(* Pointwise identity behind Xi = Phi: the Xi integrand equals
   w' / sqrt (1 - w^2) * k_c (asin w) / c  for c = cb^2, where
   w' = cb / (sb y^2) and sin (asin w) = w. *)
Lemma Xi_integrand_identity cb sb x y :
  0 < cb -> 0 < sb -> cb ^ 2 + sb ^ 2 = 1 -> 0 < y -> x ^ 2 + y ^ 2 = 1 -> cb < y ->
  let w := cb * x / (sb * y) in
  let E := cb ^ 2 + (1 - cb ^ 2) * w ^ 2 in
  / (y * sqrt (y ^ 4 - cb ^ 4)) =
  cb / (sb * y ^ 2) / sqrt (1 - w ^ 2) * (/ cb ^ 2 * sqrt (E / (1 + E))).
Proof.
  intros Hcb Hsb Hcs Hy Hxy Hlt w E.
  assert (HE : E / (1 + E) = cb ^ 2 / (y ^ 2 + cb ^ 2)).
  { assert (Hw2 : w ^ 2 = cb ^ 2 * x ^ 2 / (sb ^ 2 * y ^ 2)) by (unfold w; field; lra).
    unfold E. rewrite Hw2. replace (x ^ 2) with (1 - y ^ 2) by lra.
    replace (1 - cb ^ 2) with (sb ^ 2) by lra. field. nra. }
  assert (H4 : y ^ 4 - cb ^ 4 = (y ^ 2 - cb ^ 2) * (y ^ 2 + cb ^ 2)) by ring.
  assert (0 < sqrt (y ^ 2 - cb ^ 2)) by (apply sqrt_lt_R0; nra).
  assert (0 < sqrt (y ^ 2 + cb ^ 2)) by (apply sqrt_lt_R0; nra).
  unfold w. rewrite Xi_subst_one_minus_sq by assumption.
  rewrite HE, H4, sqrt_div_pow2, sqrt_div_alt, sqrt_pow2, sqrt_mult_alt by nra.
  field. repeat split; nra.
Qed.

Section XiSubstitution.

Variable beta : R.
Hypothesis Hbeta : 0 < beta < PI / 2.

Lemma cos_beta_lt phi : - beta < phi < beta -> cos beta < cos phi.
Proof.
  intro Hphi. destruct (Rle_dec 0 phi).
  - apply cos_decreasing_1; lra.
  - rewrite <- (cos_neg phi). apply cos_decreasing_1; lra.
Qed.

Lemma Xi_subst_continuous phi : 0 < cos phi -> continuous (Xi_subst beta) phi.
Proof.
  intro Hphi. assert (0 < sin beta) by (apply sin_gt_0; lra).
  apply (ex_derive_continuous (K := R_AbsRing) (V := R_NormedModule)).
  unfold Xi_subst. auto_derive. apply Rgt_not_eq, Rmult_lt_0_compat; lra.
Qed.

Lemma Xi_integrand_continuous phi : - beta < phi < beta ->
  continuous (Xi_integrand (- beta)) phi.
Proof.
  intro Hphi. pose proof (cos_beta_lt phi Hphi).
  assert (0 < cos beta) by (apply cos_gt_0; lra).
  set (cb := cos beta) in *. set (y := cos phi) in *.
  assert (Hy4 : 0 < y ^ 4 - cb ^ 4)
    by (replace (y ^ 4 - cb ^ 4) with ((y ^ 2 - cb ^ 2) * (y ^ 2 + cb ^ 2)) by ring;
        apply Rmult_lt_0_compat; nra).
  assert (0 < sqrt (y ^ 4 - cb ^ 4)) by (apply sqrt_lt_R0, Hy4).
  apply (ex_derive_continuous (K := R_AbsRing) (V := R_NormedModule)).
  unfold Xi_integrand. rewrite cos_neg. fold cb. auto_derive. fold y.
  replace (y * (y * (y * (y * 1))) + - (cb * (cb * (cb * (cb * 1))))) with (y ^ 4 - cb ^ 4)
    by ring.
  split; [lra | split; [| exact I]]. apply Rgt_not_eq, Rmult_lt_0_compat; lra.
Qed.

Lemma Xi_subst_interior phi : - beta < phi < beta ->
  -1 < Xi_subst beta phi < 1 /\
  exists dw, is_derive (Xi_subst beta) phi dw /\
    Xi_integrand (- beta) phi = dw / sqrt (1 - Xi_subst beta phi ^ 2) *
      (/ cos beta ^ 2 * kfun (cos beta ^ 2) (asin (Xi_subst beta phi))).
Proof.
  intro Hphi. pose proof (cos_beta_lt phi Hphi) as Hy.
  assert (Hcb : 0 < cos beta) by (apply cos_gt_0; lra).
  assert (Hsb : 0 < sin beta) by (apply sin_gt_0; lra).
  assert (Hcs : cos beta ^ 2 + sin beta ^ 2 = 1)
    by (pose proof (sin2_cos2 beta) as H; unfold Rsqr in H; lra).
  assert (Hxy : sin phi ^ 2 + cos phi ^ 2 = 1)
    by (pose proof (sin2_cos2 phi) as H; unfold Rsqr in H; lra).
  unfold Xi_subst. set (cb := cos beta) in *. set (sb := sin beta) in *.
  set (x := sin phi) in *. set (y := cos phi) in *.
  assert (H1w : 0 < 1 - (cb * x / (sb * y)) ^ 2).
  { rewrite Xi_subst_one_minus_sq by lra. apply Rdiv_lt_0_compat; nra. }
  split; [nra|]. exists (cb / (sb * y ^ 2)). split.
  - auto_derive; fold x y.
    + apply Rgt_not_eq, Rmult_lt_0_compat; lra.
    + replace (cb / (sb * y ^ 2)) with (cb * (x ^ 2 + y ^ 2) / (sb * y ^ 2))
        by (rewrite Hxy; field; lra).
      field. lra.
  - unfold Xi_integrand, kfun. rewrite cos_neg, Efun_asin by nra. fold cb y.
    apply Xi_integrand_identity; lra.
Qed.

*****

→ WHAT TO WORK ON:
Retype every line up to and including the one that contains "let E := cb ^ 2 + (1 - cb ^ 2) * w ^ 2 in", beginning at the first line of the records, with no edits.

→ EXERCISE ANSWER:
(* Pointwise identity behind Xi = Phi: the Xi integrand equals
   w' / sqrt (1 - w^2) * k_c (asin w) / c  for c = cb^2, where
   w' = cb / (sb y^2) and sin (asin w) = w. *)
Lemma Xi_integrand_identity cb sb x y :
  0 < cb -> 0 < sb -> cb ^ 2 + sb ^ 2 = 1 -> 0 < y -> x ^ 2 + y ^ 2 = 1 -> cb < y ->
  let w := cb * x / (sb * y) in
  let E := cb ^ 2 + (1 - cb ^ 2) * w ^ 2 in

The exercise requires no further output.